START Provided data

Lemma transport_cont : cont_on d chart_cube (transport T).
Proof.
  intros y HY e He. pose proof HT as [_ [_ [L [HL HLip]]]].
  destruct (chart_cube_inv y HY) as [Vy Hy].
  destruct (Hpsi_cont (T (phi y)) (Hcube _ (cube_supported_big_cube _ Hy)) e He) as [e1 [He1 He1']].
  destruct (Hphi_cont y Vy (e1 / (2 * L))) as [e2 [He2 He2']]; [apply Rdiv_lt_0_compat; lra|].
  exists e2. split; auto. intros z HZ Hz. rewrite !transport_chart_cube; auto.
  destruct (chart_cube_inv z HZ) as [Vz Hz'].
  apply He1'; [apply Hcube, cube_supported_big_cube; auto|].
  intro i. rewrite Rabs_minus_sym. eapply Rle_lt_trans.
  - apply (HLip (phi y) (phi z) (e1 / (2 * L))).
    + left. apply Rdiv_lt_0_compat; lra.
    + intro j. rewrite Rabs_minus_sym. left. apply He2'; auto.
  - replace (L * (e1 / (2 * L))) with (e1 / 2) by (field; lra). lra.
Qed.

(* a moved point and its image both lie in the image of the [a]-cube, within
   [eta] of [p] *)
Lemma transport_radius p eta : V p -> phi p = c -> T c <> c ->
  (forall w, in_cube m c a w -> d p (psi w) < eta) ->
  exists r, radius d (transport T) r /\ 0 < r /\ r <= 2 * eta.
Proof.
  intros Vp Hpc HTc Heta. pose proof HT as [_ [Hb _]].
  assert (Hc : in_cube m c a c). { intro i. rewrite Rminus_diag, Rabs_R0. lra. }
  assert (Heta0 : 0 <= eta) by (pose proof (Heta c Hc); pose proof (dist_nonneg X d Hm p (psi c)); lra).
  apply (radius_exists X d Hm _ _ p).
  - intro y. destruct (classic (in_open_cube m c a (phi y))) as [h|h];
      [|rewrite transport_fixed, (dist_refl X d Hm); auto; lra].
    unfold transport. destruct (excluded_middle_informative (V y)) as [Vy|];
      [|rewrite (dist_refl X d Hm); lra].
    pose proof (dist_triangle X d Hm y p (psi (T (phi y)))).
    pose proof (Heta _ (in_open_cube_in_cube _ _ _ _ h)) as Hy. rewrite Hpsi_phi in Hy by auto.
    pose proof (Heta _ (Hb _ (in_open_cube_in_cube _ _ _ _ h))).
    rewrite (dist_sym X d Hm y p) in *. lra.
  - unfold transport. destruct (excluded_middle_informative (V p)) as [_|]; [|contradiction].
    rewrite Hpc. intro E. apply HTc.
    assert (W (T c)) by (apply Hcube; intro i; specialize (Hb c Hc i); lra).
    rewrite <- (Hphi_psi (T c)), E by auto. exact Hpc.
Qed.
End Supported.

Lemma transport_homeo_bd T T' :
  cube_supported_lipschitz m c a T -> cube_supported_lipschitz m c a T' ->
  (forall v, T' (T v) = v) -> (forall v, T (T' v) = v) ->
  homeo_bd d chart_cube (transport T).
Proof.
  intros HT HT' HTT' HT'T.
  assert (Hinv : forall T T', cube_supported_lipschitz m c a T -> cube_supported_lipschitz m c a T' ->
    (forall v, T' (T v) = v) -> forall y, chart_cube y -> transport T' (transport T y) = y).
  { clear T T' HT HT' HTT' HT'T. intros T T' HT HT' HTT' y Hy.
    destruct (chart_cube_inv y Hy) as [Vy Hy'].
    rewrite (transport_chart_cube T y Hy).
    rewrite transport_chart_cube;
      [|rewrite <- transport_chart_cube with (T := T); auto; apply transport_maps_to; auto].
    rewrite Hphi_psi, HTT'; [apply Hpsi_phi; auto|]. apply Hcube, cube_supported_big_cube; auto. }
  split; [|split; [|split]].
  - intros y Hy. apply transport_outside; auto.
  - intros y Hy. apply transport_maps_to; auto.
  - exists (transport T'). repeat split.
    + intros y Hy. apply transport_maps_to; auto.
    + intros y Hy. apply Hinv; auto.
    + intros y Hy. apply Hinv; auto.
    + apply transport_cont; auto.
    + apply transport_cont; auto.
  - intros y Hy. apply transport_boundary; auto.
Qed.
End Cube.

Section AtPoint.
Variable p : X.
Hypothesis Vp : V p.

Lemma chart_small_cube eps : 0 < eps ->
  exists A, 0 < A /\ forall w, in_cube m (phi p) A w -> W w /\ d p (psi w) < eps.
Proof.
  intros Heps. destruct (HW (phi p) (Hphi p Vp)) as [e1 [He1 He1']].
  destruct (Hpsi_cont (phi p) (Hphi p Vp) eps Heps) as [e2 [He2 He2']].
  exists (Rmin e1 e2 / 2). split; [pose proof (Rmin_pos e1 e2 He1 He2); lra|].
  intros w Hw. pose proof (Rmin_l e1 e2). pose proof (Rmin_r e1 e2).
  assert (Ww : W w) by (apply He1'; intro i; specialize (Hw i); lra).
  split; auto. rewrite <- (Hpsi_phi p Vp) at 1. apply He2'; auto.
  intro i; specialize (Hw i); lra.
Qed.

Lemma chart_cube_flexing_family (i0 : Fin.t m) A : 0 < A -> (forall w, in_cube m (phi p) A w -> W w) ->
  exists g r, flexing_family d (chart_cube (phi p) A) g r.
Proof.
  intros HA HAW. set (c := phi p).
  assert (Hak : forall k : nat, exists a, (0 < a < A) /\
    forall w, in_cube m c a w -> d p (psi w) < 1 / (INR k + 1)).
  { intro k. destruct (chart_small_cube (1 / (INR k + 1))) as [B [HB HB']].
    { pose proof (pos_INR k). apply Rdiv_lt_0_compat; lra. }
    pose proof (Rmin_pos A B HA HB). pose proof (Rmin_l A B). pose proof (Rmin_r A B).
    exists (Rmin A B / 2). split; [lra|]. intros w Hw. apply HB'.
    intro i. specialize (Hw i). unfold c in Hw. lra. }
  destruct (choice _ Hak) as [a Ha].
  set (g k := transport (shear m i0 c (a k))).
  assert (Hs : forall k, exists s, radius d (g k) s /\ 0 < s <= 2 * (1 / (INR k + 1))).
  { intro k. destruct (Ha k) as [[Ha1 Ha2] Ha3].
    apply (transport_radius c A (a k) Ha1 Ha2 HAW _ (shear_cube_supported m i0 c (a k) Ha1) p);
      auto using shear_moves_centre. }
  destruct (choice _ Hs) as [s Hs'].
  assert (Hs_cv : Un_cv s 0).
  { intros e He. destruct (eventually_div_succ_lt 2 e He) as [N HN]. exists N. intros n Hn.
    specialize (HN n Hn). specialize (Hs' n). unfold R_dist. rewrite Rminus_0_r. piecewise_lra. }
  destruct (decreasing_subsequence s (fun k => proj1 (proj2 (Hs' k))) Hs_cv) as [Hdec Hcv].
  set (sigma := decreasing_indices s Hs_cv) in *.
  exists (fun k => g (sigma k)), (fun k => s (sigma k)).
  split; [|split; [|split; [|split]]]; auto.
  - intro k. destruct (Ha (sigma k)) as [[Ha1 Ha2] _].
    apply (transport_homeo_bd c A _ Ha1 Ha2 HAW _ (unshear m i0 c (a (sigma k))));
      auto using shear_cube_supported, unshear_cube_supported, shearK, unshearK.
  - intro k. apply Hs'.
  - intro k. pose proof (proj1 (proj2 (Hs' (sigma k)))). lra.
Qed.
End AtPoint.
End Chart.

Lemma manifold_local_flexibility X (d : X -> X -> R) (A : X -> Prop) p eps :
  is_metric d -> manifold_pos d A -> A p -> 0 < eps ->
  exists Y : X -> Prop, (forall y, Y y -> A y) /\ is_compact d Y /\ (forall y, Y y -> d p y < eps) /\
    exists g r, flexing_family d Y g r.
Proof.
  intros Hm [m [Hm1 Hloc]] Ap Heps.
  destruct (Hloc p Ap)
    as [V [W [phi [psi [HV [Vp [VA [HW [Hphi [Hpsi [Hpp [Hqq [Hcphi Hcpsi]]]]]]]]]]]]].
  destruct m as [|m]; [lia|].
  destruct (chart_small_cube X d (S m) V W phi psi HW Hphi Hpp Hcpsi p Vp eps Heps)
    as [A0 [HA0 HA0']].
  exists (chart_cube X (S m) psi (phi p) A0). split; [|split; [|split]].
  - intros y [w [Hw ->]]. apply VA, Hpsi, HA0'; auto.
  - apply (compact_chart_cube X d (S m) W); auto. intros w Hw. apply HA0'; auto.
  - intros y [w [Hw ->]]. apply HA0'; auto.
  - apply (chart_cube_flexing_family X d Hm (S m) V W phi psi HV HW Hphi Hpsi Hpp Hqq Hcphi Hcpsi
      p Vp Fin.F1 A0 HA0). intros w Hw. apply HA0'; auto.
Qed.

END Provided data

▶ **Your task**:
The answer must hold only the lines from the first line of the data through the line bearing "destruct (Hpsi_cont (T", returned exactly.

▶ **Response box**:
Lemma transport_cont : cont_on d chart_cube (transport T).
Proof.
  intros y HY e He. pose proof HT as [_ [_ [L [HL HLip]]]].
  destruct (chart_cube_inv y HY) as [Vy Hy].
  destruct (Hpsi_cont (T (phi y)) (Hcube _ (cube_supported_big_cube _ Hy)) e He) as [e1 [He1 He1']].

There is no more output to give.